* [Task objective] Please take the entries below from the first line through the line containing "- exact: embedding_closed_between." and repeat them exactly, leaving out everything after.

* [Dataset content]
========
Lemma embeds_U_of_omega_equiv W (ltW : W -> W -> Prop) (HW : is_omega1 ltW)
    L (ltL : L -> L -> Prop) (HL : strict_linear_order ltL) :
  (forall x y, omega_equiv ltL x y) -> embeds_into ltL (U_lt ltW).
Proof.
move=> countable_intervals.
have [[x0]|L_empty] := classic (inhabited L); last first.
  by exists (fun _ => Umid 0) => x; case: L_empty.
have [Gneg mono_neg] : exists G : L -> W * rat, forall x y,
    ~ ltL x0 x -> ~ ltL x0 y -> ltL y x ->
    R_lt ltW (G x).1 (Some (G x).2) (G y).1 (Some (G y).2).
  apply: (omega1_lex_embedding HW (slo_flip HL) (inhabits x0)) => z _.
  apply: countable_set_sub (countable_intervals x0 z) => y [/(slo_nlt HL) ? /(slo_nlt HL) ?].
  by right.
have [Gpos mono_pos] : exists G : L -> W * rat, forall x y,
    ltL x0 x -> ltL x0 y -> ltL x y ->
    R_lt ltW (G x).1 (Some (G x).2) (G y).1 (Some (G y).2).
  apply: (omega1_lex_embedding HW HL (inhabits x0)) => z _.
  apply: countable_set_sub (countable_intervals x0 z) => y [? /(slo_nlt HL) ?].
  by left; split=> //; left.
pose f x := if excluded_middle_informative (ltL x0 x)
  then Upos (Gpos x).1 (Some (Gpos x).2) else Uneg (Gneg x).1 (Some (Gneg x).2).
apply: (strict_mono_embedding HL (U_lt_irrefl HW) (@U_lt_trans _ _ HW) (f := f)).
move=> x y lt_xy; rewrite /f.
case: excluded_middle_informative => [x_pos|x_neg];
  case: excluded_middle_informative => [y_pos|y_neg] //=.
- exact: mono_pos.
- by case: y_neg; move: lt_xy; apply: slo_trans.
- exact: mono_neg.
Qed.

Lemma omega_equiv_of_embeds_U W (ltW : W -> W -> Prop) (HW : is_omega1 ltW)
    L (ltL : L -> L -> Prop) (HL : strict_linear_order ltL) :
  embeds_into ltL (U_lt ltW) -> forall x y, omega_equiv ltL x y.
Proof.
move=> [f Hf] x y.
apply: (countable_set_inj (f := f)) (U_interval_countable HW (f x) (f y)).
- exact: embedding_closed_between.
- by move=> a b _ _; apply: (strict_mono_inj HL (U_lt_irrefl HW)) => ? ? /Hf.
Qed.

Theorem theorem3p17 (W : Type) (ltW : W -> W -> Prop) (HW : is_omega1 ltW)
    (L : Type) (ltL : L -> L -> Prop) (HL : strict_linear_order ltL) :
  (forall x y : L, omega_equiv ltL x y) <-> embeds_into ltL (U_lt ltW).
Proof.
split; [exact: embeds_U_of_omega_equiv | exact: omega_equiv_of_embeds_U].
Qed.
(* Let $\{W_i\}_{i=1}^M$ be subspaces of $\mathbb{R}^N$ such that $\sum_{i=1}^M\dim(W_i)=N$. Then $\{W_i\}_{i=1}^M$ does norm retrieval if and only if the subspaces $W_i$ are pairwise orthogonal.
   Context: A family of subspaces $\{W_i\}_{i=1}^M$ of $\mathbb{R}^N$ with orthogonal projections $\{P_i\}_{i=1}^M$ does norm retrieval if for all $x,y\in\mathbb{R}^N$, $\|P_ix\|=\|P_iy\|$ for all $i$ implies $\|x\|=\|y\|$. *)

(* Vectors of R^N are row vectors 'rV[R]_N, R : realType.
   A subspace of R^N is represented (as in mxalgebra) by a matrix whose row
   space is the subspace; u \in W is (u <= W)%MS. *)
From HB Require Import structures.
From mathcomp Require Import all_boot all_order all_algebra.
From mathcomp Require Import reals.
Set Implicit Arguments. Unset Strict Implicit. Unset Printing Implicit Defensive.
Import Order.TTheory GRing.Theory Num.Theory.
Local Open Scope ring_scope.

Definition dotv (R : realType) (N : nat) (u v : 'rV[R]_N) : R :=
  (u *m v^T) 0 0.
Definition normv (R : realType) (N : nat) (u : 'rV[R]_N) : R :=
  Num.sqrt (dotv u u).

Definition is_orth_proj (R : realType) (N : nat) (W P : 'M[R]_N) : Prop :=
  forall x : 'rV[R]_N,
    (x *m P <= W)%MS /\
    (forall w : 'rV[R]_N, (w <= W)%MS -> dotv (x - x *m P) w = 0).

Definition norm_retrieval (R : realType) (N M : nat) (W : 'I_M -> 'M[R]_N)
  : Prop :=
  forall P : 'I_M -> 'M[R]_N, (forall i, is_orth_proj (W i) (P i)) ->
  forall x y : 'rV[R]_N,
    (forall i, normv (x *m P i) = normv (y *m P i)) -> normv x = normv y.

Definition subspaces_pairwise_orthogonal (R : realType) (N M : nat)
  (W : 'I_M -> 'M[R]_N) : Prop :=
  forall i j : 'I_M, i != j ->
  forall u v : 'rV[R]_N, (u <= W i)%MS -> (v <= W j)%MS -> dotv u v = 0.

(* If the W_i are pairwise orthogonal and their dimensions add up to N, they
   decompose R^N orthogonally, so ||x||^2 = sum_i ||P_i x||^2 and the norms
   ||P_i x|| determine ||x||.
   Conversely, let B_i be the orthogonal complement of sum_(j != i) W_j. For
   x in B_i and v in B_j (i != j), each P_k kills x or v, so ||P_k (x + v)||
   = ||P_k (x - v)|| for all k; norm retrieval gives ||x + v|| = ||x - v||,
   i.e. x is orthogonal to v. Hence the B_i are pairwise orthogonal, and since
   dim B_i >= dim W_i they span R^N. A vector w of W_i is orthogonal to every
   B_k with k != i, so its component outside B_i vanishes: W_i <= B_i, and the
   W_i inherit the pairwise orthogonality of the B_i. *)
From HB Require Import structures.
From mathcomp Require Import all_boot all_order all_algebra.
From mathcomp Require Import reals.
From mathcomp Require Import ring zify.
Set Implicit Arguments. Unset Strict Implicit. Unset Printing Implicit Defensive.
Import Order.TTheory GRing.Theory Num.Theory.
Local Open Scope ring_scope.

Section OrthogonalComplement.
Variables (R : realType) (N : nat).
Implicit Types (u v x : 'rV[R]_N).

Definition perp m (V : 'M[R]_(m, N)) : 'M[R]_N := kermx V^T.

Lemma dotvE u v : dotv u v = \sum_j u 0 j * v 0 j.
Proof. by rewrite /dotv mxE; apply: eq_bigr => j _; rewrite mxE. Qed.

Lemma dotvC u v : dotv u v = dotv v u.
Proof. by rewrite !dotvE; apply: eq_bigr => j _; rewrite mulrC. Qed.

Lemma dotv_ge0 u : 0 <= dotv u u.
Proof. by rewrite dotvE; apply: sumr_ge0 => j _; rewrite -expr2 sqr_ge0. Qed.

Lemma dotv_suml (I : Type) (r : seq I) (P : pred I) (a : I -> 'rV[R]_N) v :
  dotv (\sum_(i <- r | P i) a i) v = \sum_(i <- r | P i) dotv (a i) v.
Proof.
rewrite dotvE; under eq_bigr => j _ do rewrite summxE mulr_suml.
by rewrite exchange_big; apply: eq_bigr => i _; rewrite dotvE.
Qed.

Lemma dotv_sumr (I : Type) (r : seq I) (P : pred I) (a : I -> 'rV[R]_N) u :
  dotv u (\sum_(i <- r | P i) a i) = \sum_(i <- r | P i) dotv u (a i).
Proof. by rewrite dotvC dotv_suml; apply: eq_bigr => i _; rewrite dotvC. Qed.

Lemma mulmx_trmx_eq0 m (A : 'M[R]_(m, N)) : A *m A^T = 0 -> A = 0.
Proof.
move=> AAt0; apply/matrixP => i j; rewrite mxE.
have /matrixP /(_ i i) := AAt0; rewrite !mxE => /psumr_eq0P sq0.
have /eqP := sq0 (fun k _ => ltac:(by rewrite mxE -expr2 sqr_ge0)) j isT.
by rewrite mxE mulf_eq0 orbb => /eqP.
Qed.

Lemma sub_perpE m p (U : 'M[R]_(m, N)) (V : 'M[R]_(p, N)) :
  (U <= perp V)%MS = (U *m V^T == 0).
Proof. exact: sub_kermx. Qed.

Lemma sub_perpC m p (U : 'M[R]_(m, N)) (V : 'M[R]_(p, N)) :
  (U <= perp V)%MS = (V <= perp U)%MS.
Proof.
by rewrite !sub_perpE -[U *m _]trmxK trmx_mul trmxK -trmx0 (inj_eq trmx_inj).
Qed.

Lemma sub_perp_self m (U : 'M[R]_(m, N)) : (U <= perp U)%MS -> U = 0.
Proof. by rewrite sub_perpE => /eqP; apply: mulmx_trmx_eq0. Qed.

Lemma perpS m p (V : 'M[R]_(m, N)) (V' : 'M[R]_(p, N)) :
  (V <= V')%MS -> (perp V' <= perp V)%MS.
Proof.
case/submxP => a ->; rewrite sub_perpE trmx_mul mulmxA.
by rewrite [_ *m V'^T]mulmx_ker mul0mx.
Qed.

Lemma sub_perpP p u (V : 'M[R]_(p, N)) :
  reflect (forall v, (v <= V)%MS -> dotv u v = 0) (u <= perp V)%MS.
Proof.
rewrite sub_perpE; apply: (iffP eqP) => [uV0 v /submxP [a ->] | u_perp].
  by rewrite /dotv trmx_mul mulmxA uV0 mul0mx mxE.
apply/matrixP => i k; rewrite !ord1 [RHS]mxE -(u_perp (row k V)) ?row_sub //.
by rewrite /dotv !mxE; apply: eq_bigr => l _; rewrite !mxE.
Qed.

Lemma sub_perp_full m p (V : 'M[R]_(m, N)) (U : 'M[R]_(p, N)) :
  row_full V -> (U <= perp V)%MS -> U = 0.
Proof.
move=> fullV UV; apply: sub_perp_self.
by apply: submx_trans (submx_full _ fullV) _; rewrite sub_perpC.
Qed.

Lemma mxrank_perp m (V : 'M[R]_(m, N)) : \rank (perp V) = (N - \rank V)%N.
Proof. by rewrite mxrank_ker mxrank_tr. Qed.

Lemma row_full_addsmx_perp (V : 'M[R]_N) : row_full (V + perp V)%MS.
Proof.
have capV0 : (V :&: perp V)%MS = 0.
  apply: sub_perp_self; apply: submx_trans (capmxSl _ _) _.
  by rewrite sub_perpC capmxSr.
by rewrite /row_full mxrank_disjoint_sum // mxrank_perp subnKC // rank_leq_col.
Qed.

End OrthogonalComplement.

Section Norm.
Variables (R : realType) (N : nat).
Implicit Types (u v : 'rV[R]_N).

Lemma normv_sqr u : normv u ^+ 2 = dotv u u.
Proof. by rewrite /normv sqr_sqrtr // dotv_ge0. Qed.

Lemma eq_normv u v : normv u = normv v <-> dotv u u = dotv v v.
Proof. by split => [uv | uv]; [rewrite -!normv_sqr uv | rewrite /normv uv]. Qed.

Lemma normvN u : normv (- u) = normv u.
Proof.
by apply/eq_normv; rewrite !dotvE; apply: eq_bigr => j _; rewrite !mxE mulrNN.
Qed.

Lemma dotv_polarization u v :
  dotv (u + v) (u + v) - dotv (u - v) (u - v) = 4%:R * dotv u v.
Proof.
by rewrite !dotvE -sumrB mulr_sumr; apply: eq_bigr => j _; rewrite !mxE; ring.
Qed.

Lemma normvDB_dotv_eq0 u v : normv (u + v) = normv (u - v) -> dotv u v = 0.
Proof.
move/eq_normv/eqP; rewrite -subr_eq0 dotv_polarization mulf_eq0 pnatr_eq0 /=.
by move/eqP.
Qed.

Lemma dotv_sum_orthogonal (I : finType) (a : I -> 'rV[R]_N) :
  (forall i j, i != j -> dotv (a i) (a j) = 0) ->
  dotv (\sum_i a i) (\sum_i a i) = \sum_i dotv (a i) (a i).
Proof.
move=> a_orth; rewrite dotv_suml; apply: eq_bigr => i _.
by rewrite dotv_sumr (bigD1 i) //= big1 ?addr0 // => j ji; rewrite a_orth // eq_sym.
Qed.

End Norm.

Section OrthogonalProjection.
Variables (R : realType) (N : nat) (W P : 'M[R]_N).
Hypothesis WP : is_orth_proj W P.
Implicit Types (x : 'rV[R]_N).

Lemma orth_proj_sub x : (x *m P <= W)%MS.
Proof. by case: (WP x). Qed.

Lemma orth_proj_compl x : (x - x *m P <= perp W)%MS.
Proof. by case: (WP x) => _ /sub_perpP. Qed.

Lemma orth_proj_perp x : (x <= perp W)%MS -> x *m P = 0.
Proof.
move=> xW; apply: sub_perp_self.
apply: submx_trans (orth_proj_sub x) _; rewrite sub_perpC.
have -> : x *m P = x - (x - x *m P) by rewrite opprB addrCA subrr addr0.
rewrite addmx_sub // eqmx_opp.
exact: orth_proj_compl.
Qed.

End OrthogonalProjection.

Lemma orth_proj_mx (R : realType) (N : nat) (W : 'M[R]_N) :
  is_orth_proj W (proj_mx W (perp W)).
Proof.
move=> x; split; first exact: proj_mx_sub.
apply/sub_perpP.
by rewrite proj_mx_compl_sub // submx_full // row_full_addsmx_perp.
Qed.

Section OrthogonalFamily.
Variables (R : realType) (N : nat) (I : finType) (U : I -> 'M[R]_N).

Definition pairwise_perp := forall i j, i != j -> (U i <= perp (U j))%MS.

Hypothesis Uperp : pairwise_perp.

Lemma mxdirect_pairwise_perp : mxdirect (\sum_i U i).
Proof.
apply/mxdirect_sumsP => i _; set Z := (_ :&: _)%MS.
have ZUi : (Z <= U i)%MS by apply: capmxSl.
have Zperp : (Z <= perp (U i))%MS.
  apply: submx_trans (capmxSr _ _) _.
  by apply/sumsmx_subP => j /= ji; rewrite Uperp // eq_sym.
by apply: sub_perp_self; apply: submx_trans ZUi _; rewrite sub_perpC.
Qed.

Lemma mxrank_sum_pairwise_perp : \rank (\sum_i U i) = (\sum_i \rank (U i))%N.
Proof. exact/eqnP/mxdirect_pairwise_perp. Qed.

Lemma row_full_sum_pairwise_perp :
  (N <= \sum_i \rank (U i))%N -> row_full (\sum_i U i).
Proof. by rewrite /row_full eqn_leq rank_leq_col mxrank_sum_pairwise_perp. Qed.

Hypothesis Ufull : row_full (\sum_i U i).

Lemma sub_perp_all_but i p (V : 'M[R]_(p, N)) :
  (forall k, k != i -> (V <= perp (U k))%MS) -> (V <= U i)%MS.
Proof.
move=> VU; have := submx_full V Ufull.
rewrite (bigD1 i) //=.
set C := (\sum_(k | k != i) U k)%MS; case/sub_addsmxP => a defV.
have CV : (V <= perp C)%MS.
  by rewrite sub_perpC; apply/sumsmx_subP => k ki; rewrite sub_perpC VU.
have CUi : (U i <= perp C)%MS.
  by rewrite sub_perpC; apply/sumsmx_subP => k ki; apply: Uperp.
suff aC0 : a.2 *m C = 0 by rewrite defV aC0 addr0 submxMl.
apply: sub_perp_self; apply: submx_trans (submxMl _ _) _; rewrite sub_perpC.
have -> : a.2 *m C = V - a.1 *m U i by rewrite defV addrC addKr.
by rewrite addmx_sub // eqmx_opp (submx_trans (submxMl _ _)).
Qed.

Variable P : I -> 'M[R]_N.
Hypothesis UP : forall i, is_orth_proj (U i) (P i).

Lemma sum_orth_proj (x : 'rV[R]_N) : \sum_i x *m P i = x.
Proof.
apply/esym/eqP; rewrite -subr_eq0; apply/eqP/(sub_perp_full Ufull).
rewrite sub_perpC; apply/sumsmx_subP => i _; rewrite sub_perpC.
rewrite (bigD1 i) //= opprD addrA addmx_sub ?(orth_proj_compl (UP i)) //.
rewrite eqmx_opp summx_sub // => k ki.
exact: submx_trans (orth_proj_sub (UP k) x) (Uperp ki).
Qed.

Lemma dotv_orth_proj_sum (x : 'rV[R]_N) : dotv x x = \sum_i normv (x *m P i) ^+ 2.
Proof.
rewrite -{1 2}(sum_orth_proj x) dotv_sum_orthogonal.
  by apply: eq_bigr => i _; rewrite normv_sqr.
move=> i j ij; move/sub_perpP: (submx_trans (orth_proj_sub (UP i) x) (Uperp ij)).
by apply; apply: orth_proj_sub.
Qed.

End OrthogonalFamily.

Lemma pairwise_perpP (R : realType) (N M : nat) (W : 'I_M -> 'M[R]_N) :
  subspaces_pairwise_orthogonal W <-> pairwise_perp W.
Proof.
split => Wperp i j ij.
  by apply/row_subP => r; apply/sub_perpP => v; apply: Wperp ij _ _ (row_sub r _).
by move=> u v Wu; move/sub_perpP: (submx_trans Wu (Wperp i j ij)); apply.
Qed.

Lemma pairwise_perp_norm_retrieval (R : realType) (N M : nat)
    (W : 'I_M -> 'M[R]_N) :
  (\sum_(i < M) \rank (W i))%N = N -> pairwise_perp W -> norm_retrieval W.
Proof.
move=> rkW Wperp P WP x y Pxy; apply/eq_normv.
have Wfull := row_full_sum_pairwise_perp Wperp (eq_leq (esym rkW)).
rewrite !(dotv_orth_proj_sum Wperp Wfull WP).
by apply: eq_bigr => i _; rewrite Pxy.
Qed.

Section NormRetrievalPairwisePerp.
Variables (R : realType) (N M : nat) (W : 'I_M -> 'M[R]_N).
Hypotheses (rkW : (\sum_(i < M) \rank (W i))%N = N) (NR : norm_retrieval W).

Definition perp_others i : 'M[R]_N := perp (\sum_(j | j != i) W j)%MS.

Lemma perp_others_perp i k : k != i -> (perp_others i <= perp (W k))%MS.
Proof. by move=> ki; apply/perpS/(sumsmx_sup k). Qed.

Lemma perp_others_pairwise_perp : pairwise_perp perp_others.
Proof.
pose P i := proj_mx (W i) (perp (W i)).
have WP i : is_orth_proj (W i) (P i) by apply: orth_proj_mx.
move=> i j ij; apply/row_subP => r; apply/sub_perpP => v Bv.
set x := row r (perp_others i); have Bx : (x <= perp_others i)%MS := row_sub r _.
apply/normvDB_dotv_eq0/(NR WP) => k; rewrite mulmxDl mulmxBl.
have [-> | ki] := eqVneq k i.
  have Bv_ker : v *m P i = 0.
    exact: (orth_proj_perp (WP i) (submx_trans Bv (perp_others_perp ij))).
  by rewrite Bv_ker addr0 subr0.
have Bx_ker : x *m P k = 0.
  exact: (orth_proj_perp (WP k) (submx_trans Bx (perp_others_perp ki))).
by rewrite Bx_ker add0r sub0r normvN.
Qed.

Lemma mxrank_le_perp_others i : (\rank (W i) <= \rank (perp_others i))%N.
Proof.
rewrite mxrank_perp.
have le_sum : (\rank (\sum_(j | j != i) W j)%MS <= \sum_(j | j != i) \rank (W j))%N.
  exact: (mxrank_sum_leqif _).1.
have : (\rank (W i) + \sum_(j | j != i) \rank (W j))%N = N.
  by rewrite -[RHS]rkW [RHS](bigD1 i).
lia.
Qed.

Lemma sub_perp_others i : (W i <= perp_others i)%MS.
Proof.
have Bfull : row_full (\sum_i perp_others i).
  apply: (row_full_sum_pairwise_perp perp_others_pairwise_perp).
  by rewrite -{1}rkW; apply: leq_sum => k _; apply: mxrank_le_perp_others.
apply: (sub_perp_all_but perp_others_pairwise_perp Bfull) => k ki.
by rewrite sub_perpC perp_others_perp // eq_sym.
Qed.

Lemma norm_retrieval_pairwise_perp : pairwise_perp W.
Proof.
move=> i j ij; apply: submx_trans (sub_perp_others i) _.
exact: submx_trans (perp_others_pairwise_perp ij) (perpS (sub_perp_others j)).
Qed.

End NormRetrievalPairwisePerp.

Theorem mainTheorem8 (R : realType) (N M : nat) (W : 'I_M -> 'M[R]_N) :
  (\sum_(i < M) \rank (W i))%N = N ->
  (norm_retrieval W <-> subspaces_pairwise_orthogonal W).
Proof.
move=> rkW; rewrite pairwise_perpP; split.
  exact: norm_retrieval_pairwise_perp.
exact: pairwise_perp_norm_retrieval.
Qed.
========
* [Expected answer]
Lemma embeds_U_of_omega_equiv W (ltW : W -> W -> Prop) (HW : is_omega1 ltW)
    L (ltL : L -> L -> Prop) (HL : strict_linear_order ltL) :
  (forall x y, omega_equiv ltL x y) -> embeds_into ltL (U_lt ltW).
Proof.
move=> countable_intervals.
have [[x0]|L_empty] := classic (inhabited L); last first.
  by exists (fun _ => Umid 0) => x; case: L_empty.
have [Gneg mono_neg] : exists G : L -> W * rat, forall x y,
    ~ ltL x0 x -> ~ ltL x0 y -> ltL y x ->
    R_lt ltW (G x).1 (Some (G x).2) (G y).1 (Some (G y).2).
  apply: (omega1_lex_embedding HW (slo_flip HL) (inhabits x0)) => z _.
  apply: countable_set_sub (countable_intervals x0 z) => y [/(slo_nlt HL) ? /(slo_nlt HL) ?].
  by right.
have [Gpos mono_pos] : exists G : L -> W * rat, forall x y,
    ltL x0 x -> ltL x0 y -> ltL x y ->
    R_lt ltW (G x).1 (Some (G x).2) (G y).1 (Some (G y).2).
  apply: (omega1_lex_embedding HW HL (inhabits x0)) => z _.
  apply: countable_set_sub (countable_intervals x0 z) => y [? /(slo_nlt HL) ?].
  by left; split=> //; left.
pose f x := if excluded_middle_informative (ltL x0 x)
  then Upos (Gpos x).1 (Some (Gpos x).2) else Uneg (Gneg x).1 (Some (Gneg x).2).
apply: (strict_mono_embedding HL (U_lt_irrefl HW) (@U_lt_trans _ _ HW) (f := f)).
move=> x y lt_xy; rewrite /f.
case: excluded_middle_informative => [x_pos|x_neg];
  case: excluded_middle_informative => [y_pos|y_neg] //=.
- exact: mono_pos.
- by case: y_neg; move: lt_xy; apply: slo_trans.
- exact: mono_neg.
Qed.

Lemma omega_equiv_of_embeds_U W (ltW : W -> W -> Prop) (HW : is_omega1 ltW)
    L (ltL : L -> L -> Prop) (HL : strict_linear_order ltL) :
  embeds_into ltL (U_lt ltW) -> forall x y, omega_equiv ltL x y.
Proof.
move=> [f Hf] x y.
apply: (countable_set_inj (f := f)) (U_interval_countable HW (f x) (f y)).
- exact: embedding_closed_between.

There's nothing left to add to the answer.